Converts the SSA Death Master File to CSV
Q: What is the DMF?
A: The Death Master File is a database made available for access by the Social Security Administration (SSA) via the National Technical Information Service (NTIS) since 1980, and to this very day. It contains a line-separated list of persons who have had a death reported to the agency from 1962 to the present in a positional format that's painful to work with.
Q: What can you do with this data?
A: A lot of things, but OSINT, fraud detection, and geneaology are a handful of possible relevant domains.
Q: Where can I find the dataset to feed into this script?
A: You can pay the NTIS for access (~$3,000/yr), but since the redistribution of the dataset is unrestricted after the fact, you can likely find a slightly outdated copy via your preferred search engine.
Q: Why does this script look so terrible?

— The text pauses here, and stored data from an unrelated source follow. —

End StrongColimits.

Section Colimits.
Context {D C : Category} (G : Functor D C).

Lemma colim_hom_ext {X : C} {i : forall d : D, Hom (G d) X} (H : is_colimit G X i)
  {Y : C} (u v : Hom X Y) : (forall d, i d · u = i d · v) -> u = v.
Proof.
  intros E. destruct H as [Hc Hu].
  destruct (Hu Y (fun d => i d · u)) as [w [_ Hw]].
  { intros d d' g. rewrite <- comp_assoc, Hc. reflexivity. }
  transitivity w; [symmetry|]; apply Hw; intros d; [reflexivity| symmetry; apply E].
Qed.

Lemma colim_desc_ex {X : C} {i : forall d : D, Hom (G d) X} (H : is_colimit G X i)
  {Y : C} (t : forall d, Hom (G d) Y) : is_cocone G Y t ->
  exists u : Hom X Y, forall d, i d · u = t d.
Proof.
  intros Ht. destruct (proj2 H Y t Ht) as [u [Hu _]]. exists u. exact Hu.
Qed.

Lemma colim_unique_up_to_iso {X Z : C} {i : forall d : D, Hom (G d) X}
  {j : forall d : D, Hom (G d) Z} (HX : is_colimit G X i) (HZ : is_colimit G Z j) :
  exists (u : Hom X Z) (v : Hom Z X), (forall d, i d · u = j d) /\
    (forall d, j d · v = i d) /\ u · v = idm X /\ v · u = idm Z.
Proof.
  destruct (colim_desc_ex HX j (proj1 HZ)) as [u Hu].
  destruct (colim_desc_ex HZ i (proj1 HX)) as [v Hv].
  exists u, v. split; [exact Hu|]. split; [exact Hv|]. split.
  - apply (colim_hom_ext HX). intros d. rewrite <- comp_assoc, Hu, Hv, comp_id_r.
    reflexivity.
  - apply (colim_hom_ext HZ). intros d. rewrite <- comp_assoc, Hv, Hu, comp_id_r.
    reflexivity.
Qed.

Lemma colim_transport_iso {X : C} {i : forall d : D, Hom (G d) X} (H : is_colimit G X i)
  {Z : C} (j : forall d, Hom (G d) Z) (u : Hom X Z) (v : Hom Z X)
  (Hj : forall d, i d · u = j d) (Hv : forall d, j d · v = i d)
  (uv : u · v = idm X) (vu : v · u = idm Z) : is_colimit G Z j.
Proof.
  split.
  - intros d d' g. rewrite <- !Hj, <- comp_assoc, (proj1 H). reflexivity.
  - intros Y t Ht. destruct (colim_desc_ex H t Ht) as [w Hw].
    exists (v · w). split.
    + intros d. rewrite <- comp_assoc, Hv. apply Hw.
    + intros m Hm. assert (E : u · m = w).
      { apply (colim_hom_ext H). intros d. rewrite <- comp_assoc, Hj, Hw. apply Hm. }
      rewrite <- E, <- comp_assoc, vu, comp_id_l. reflexivity.
Qed.
Lemma pow_one_sub_le_quadratic (x : R) (k : nat) :
  0 <= x <= 1 -> (1 - x) ^ k <= 1 - INR k * x + INR k ^ 2 * x ^ 2.
Proof.
  intros Hx; induction k as [|k IH]; [simpl; lra|].
  rewrite S_INR; simpl pow in *; pose proof (pos_INR k).
  assert ((1 - x) * (1 - x) ^ k <= (1 - x) * (1 - INR k * x + INR k * (INR k * 1) * (x * (x * 1))))
    by (apply Rmult_le_compat_l; lra).
  assert (0 <= INR k * INR k * x * x * x) by (repeat apply Rmult_le_pos; lra).
  nra.
Qed.

Lemma pow_ge_one_sub_mul (c : R) (n : nat) : 0 <= c <= 1 -> 1 - INR n * (1 - c) <= c ^ n.
Proof.
  intros Hc; induction n as [|n IH]; [simpl; lra|].
  rewrite S_INR; simpl pow.
  assert (c ^ n <= 1) by (rewrite <- (pow1 n); apply pow_incr; lra).
  nra.
Qed.

Definition pgf_below_line (p : nat -> R) (c d : R) : Prop :=
  forall x, 0 <= x <= d ->
    exists V, infinite_sum (fun k => p k * (1 - x) ^ k) V /\ V <= 1 - c * x.

Lemma pgf_term_bounds (p : nat -> R) (x : R) (k : nat) :
  offspring_law p -> 0 <= x <= 1 -> 0 <= p k * (1 - x) ^ k <= p k.
Proof.
  intros [Hp _] Hx; pose proof (Hp k).
  assert ((1 - x) ^ k <= 1) by (rewrite <- (pow1 k) at 2; apply pow_incr; lra).
  split; [apply Rmult_le_pos; [|apply pow_le; lra]; lra |].
  rewrite <- (Rmult_1_r (p k)) at 2; apply Rmult_le_compat_l; lra.
Qed.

A: This is something that you should not be running more than once. All you should care about is the script working, and the end result being acceptable for your use case. For reference, it took 20 minutes to run through ~87 million rows on an ancient laptop. As a result, there was no need to overengineer this. The only requirement was to be able to get through the file, and properly adhere to this format:
Q: What considerations did you take in making this?
A: Here's a summary:
1. Add/change/deletes were ignored.
2. Since there was chronic inconsistencies in suffixes being in the LAST NAME or NAME SUFFIX, they've been split apart and lumped together into `last_name`
3. Certain reported death dates will have a day of `00`. Any occurrences of this are left blank.
4. Everyone gets into fistfights regarding how dates should be formatted, so I've split them all off into their respective columns for your own reconstruction.
Altogether, this should result in a smaller csv that's easier to manage (at least, for most use cases). If you disagree, please feel free to open a pull request!